Provided material.
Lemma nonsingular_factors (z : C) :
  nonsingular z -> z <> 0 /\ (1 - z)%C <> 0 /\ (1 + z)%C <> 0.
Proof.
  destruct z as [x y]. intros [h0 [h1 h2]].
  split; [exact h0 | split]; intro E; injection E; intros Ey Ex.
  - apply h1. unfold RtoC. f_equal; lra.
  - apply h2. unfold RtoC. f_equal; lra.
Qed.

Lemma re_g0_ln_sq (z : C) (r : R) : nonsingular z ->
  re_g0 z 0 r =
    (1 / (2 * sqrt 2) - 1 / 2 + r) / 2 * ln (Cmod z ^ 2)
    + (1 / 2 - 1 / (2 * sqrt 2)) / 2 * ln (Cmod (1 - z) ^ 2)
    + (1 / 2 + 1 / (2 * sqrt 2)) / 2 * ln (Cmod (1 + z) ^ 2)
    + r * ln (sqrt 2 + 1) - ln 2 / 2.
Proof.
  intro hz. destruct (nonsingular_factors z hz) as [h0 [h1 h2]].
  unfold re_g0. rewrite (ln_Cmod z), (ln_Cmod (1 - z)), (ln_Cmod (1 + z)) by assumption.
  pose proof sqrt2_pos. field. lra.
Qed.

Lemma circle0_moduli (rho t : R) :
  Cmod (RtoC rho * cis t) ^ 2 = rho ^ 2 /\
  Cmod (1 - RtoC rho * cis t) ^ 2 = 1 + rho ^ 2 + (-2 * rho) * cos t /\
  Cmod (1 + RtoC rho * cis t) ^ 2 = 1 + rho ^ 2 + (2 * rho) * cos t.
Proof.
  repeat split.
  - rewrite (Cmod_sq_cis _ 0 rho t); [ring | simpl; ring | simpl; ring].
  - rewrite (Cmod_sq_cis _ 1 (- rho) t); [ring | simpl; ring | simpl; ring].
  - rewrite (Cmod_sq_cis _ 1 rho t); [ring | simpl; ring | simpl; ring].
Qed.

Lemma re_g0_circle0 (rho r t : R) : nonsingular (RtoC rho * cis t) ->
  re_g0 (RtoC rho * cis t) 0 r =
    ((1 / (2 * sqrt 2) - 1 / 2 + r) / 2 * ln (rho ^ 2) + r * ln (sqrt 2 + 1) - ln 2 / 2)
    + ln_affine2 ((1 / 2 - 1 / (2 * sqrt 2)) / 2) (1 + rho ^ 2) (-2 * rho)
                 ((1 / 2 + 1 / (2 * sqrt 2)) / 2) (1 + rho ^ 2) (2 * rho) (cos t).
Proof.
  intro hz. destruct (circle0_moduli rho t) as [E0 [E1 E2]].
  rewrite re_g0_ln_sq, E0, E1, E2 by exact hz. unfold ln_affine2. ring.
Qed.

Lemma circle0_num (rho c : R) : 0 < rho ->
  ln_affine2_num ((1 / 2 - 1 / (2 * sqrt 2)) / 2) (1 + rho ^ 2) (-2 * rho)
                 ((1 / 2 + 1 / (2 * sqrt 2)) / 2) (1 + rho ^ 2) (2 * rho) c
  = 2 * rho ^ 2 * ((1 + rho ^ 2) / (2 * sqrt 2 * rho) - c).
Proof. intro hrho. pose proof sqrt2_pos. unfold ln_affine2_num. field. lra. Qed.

--

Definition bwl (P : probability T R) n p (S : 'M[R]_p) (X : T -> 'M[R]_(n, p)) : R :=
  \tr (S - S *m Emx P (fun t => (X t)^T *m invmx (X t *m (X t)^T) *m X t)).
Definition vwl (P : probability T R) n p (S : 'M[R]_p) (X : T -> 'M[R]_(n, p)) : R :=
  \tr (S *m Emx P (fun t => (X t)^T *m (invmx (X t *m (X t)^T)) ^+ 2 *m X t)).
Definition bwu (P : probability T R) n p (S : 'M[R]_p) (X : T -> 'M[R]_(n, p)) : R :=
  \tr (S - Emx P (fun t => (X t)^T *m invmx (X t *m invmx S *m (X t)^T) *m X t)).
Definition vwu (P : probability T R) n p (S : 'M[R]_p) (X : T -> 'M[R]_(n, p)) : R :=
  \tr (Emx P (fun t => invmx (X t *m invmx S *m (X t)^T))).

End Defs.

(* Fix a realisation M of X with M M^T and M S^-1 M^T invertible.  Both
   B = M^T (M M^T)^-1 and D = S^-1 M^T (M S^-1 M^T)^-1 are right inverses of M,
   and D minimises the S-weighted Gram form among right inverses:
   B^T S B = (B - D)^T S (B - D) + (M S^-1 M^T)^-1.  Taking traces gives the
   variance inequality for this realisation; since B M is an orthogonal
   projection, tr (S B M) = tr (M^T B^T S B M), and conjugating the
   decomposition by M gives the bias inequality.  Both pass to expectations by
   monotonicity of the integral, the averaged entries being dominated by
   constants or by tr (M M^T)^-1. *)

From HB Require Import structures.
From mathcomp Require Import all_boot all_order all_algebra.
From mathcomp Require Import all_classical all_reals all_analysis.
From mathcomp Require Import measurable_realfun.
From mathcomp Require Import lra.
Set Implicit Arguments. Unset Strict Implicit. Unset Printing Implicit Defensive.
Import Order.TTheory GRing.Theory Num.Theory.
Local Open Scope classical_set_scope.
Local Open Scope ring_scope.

...

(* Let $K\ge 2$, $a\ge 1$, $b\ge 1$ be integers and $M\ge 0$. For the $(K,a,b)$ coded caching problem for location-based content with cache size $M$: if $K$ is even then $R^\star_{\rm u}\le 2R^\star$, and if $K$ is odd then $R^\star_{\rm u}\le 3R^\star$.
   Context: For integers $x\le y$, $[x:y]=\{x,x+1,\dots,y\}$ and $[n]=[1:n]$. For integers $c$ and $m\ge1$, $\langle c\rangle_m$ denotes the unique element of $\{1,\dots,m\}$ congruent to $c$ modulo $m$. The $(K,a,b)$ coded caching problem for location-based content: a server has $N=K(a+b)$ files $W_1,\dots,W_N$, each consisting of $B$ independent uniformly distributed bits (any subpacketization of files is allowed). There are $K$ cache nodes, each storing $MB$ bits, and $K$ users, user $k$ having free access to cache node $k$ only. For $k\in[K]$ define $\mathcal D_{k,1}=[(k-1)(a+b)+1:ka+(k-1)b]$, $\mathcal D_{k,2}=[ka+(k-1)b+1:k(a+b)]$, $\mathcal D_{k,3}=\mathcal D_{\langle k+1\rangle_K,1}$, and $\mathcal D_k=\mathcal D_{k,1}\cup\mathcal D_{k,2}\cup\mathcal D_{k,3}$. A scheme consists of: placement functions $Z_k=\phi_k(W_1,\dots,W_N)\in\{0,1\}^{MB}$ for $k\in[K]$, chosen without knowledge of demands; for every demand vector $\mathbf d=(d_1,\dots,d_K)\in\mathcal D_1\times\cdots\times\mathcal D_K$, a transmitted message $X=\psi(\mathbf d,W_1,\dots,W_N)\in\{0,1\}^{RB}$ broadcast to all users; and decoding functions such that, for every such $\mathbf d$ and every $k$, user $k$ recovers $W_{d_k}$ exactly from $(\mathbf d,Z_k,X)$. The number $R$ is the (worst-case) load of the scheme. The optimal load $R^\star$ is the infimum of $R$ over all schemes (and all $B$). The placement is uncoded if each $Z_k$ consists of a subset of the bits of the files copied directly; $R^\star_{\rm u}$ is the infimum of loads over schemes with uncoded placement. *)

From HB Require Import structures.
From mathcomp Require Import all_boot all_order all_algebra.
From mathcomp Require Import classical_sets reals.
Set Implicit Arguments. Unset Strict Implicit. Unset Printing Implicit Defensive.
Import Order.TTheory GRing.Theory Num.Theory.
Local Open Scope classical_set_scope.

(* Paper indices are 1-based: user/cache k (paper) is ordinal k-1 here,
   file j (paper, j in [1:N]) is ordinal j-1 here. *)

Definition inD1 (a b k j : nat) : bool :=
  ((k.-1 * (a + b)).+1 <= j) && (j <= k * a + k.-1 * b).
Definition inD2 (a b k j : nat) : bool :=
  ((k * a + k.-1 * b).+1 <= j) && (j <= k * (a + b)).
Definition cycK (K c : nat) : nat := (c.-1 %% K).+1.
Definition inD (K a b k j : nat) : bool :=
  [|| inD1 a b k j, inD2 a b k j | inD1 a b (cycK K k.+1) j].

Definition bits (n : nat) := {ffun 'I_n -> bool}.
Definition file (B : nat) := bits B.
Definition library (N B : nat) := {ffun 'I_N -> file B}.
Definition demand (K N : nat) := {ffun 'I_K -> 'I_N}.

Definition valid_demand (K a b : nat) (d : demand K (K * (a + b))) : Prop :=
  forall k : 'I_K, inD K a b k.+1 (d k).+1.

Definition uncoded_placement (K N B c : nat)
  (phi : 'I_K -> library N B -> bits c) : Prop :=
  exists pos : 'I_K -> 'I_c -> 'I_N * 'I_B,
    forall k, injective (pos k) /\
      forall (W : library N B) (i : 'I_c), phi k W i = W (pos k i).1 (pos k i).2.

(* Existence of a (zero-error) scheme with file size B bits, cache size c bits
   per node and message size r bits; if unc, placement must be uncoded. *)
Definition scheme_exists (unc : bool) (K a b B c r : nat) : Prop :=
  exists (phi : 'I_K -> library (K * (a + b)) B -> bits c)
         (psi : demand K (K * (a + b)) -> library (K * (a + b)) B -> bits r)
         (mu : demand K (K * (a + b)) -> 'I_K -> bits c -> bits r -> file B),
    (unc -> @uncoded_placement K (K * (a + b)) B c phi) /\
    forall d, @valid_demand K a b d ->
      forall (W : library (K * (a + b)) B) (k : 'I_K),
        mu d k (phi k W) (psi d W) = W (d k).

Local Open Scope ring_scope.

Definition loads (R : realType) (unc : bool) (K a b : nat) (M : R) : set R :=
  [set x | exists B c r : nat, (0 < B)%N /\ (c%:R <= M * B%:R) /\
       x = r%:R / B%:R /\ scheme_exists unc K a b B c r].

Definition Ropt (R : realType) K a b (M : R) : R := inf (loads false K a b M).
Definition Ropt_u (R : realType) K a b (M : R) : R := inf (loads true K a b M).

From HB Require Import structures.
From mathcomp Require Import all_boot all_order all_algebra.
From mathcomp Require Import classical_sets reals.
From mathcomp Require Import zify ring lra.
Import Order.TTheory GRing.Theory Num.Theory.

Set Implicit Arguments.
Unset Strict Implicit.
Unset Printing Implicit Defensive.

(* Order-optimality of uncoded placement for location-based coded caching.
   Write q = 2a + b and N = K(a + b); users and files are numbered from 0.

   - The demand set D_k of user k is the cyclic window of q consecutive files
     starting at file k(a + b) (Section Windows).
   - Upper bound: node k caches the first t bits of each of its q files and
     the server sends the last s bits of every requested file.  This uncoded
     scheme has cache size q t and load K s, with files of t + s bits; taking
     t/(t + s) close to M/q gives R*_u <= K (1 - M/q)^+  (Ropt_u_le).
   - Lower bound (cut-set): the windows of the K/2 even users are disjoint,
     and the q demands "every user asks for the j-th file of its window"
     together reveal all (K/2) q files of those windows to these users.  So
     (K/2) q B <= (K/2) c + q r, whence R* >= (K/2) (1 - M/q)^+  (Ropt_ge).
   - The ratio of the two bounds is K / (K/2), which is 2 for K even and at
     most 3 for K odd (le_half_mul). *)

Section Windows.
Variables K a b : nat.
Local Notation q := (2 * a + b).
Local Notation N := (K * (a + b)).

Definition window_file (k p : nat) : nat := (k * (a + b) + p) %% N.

Work required. Each line above from the one with "Variables K a b : nat." up to and including the one with "Definition window_file (k" must be set down exactly, and no line outside that span may appear.

Solved exercise.
Variables K a b : nat.
Local Notation q := (2 * a + b).
Local Notation N := (K * (a + b)).

Definition window_file (k p : nat) : nat := (k * (a + b) + p) %% N.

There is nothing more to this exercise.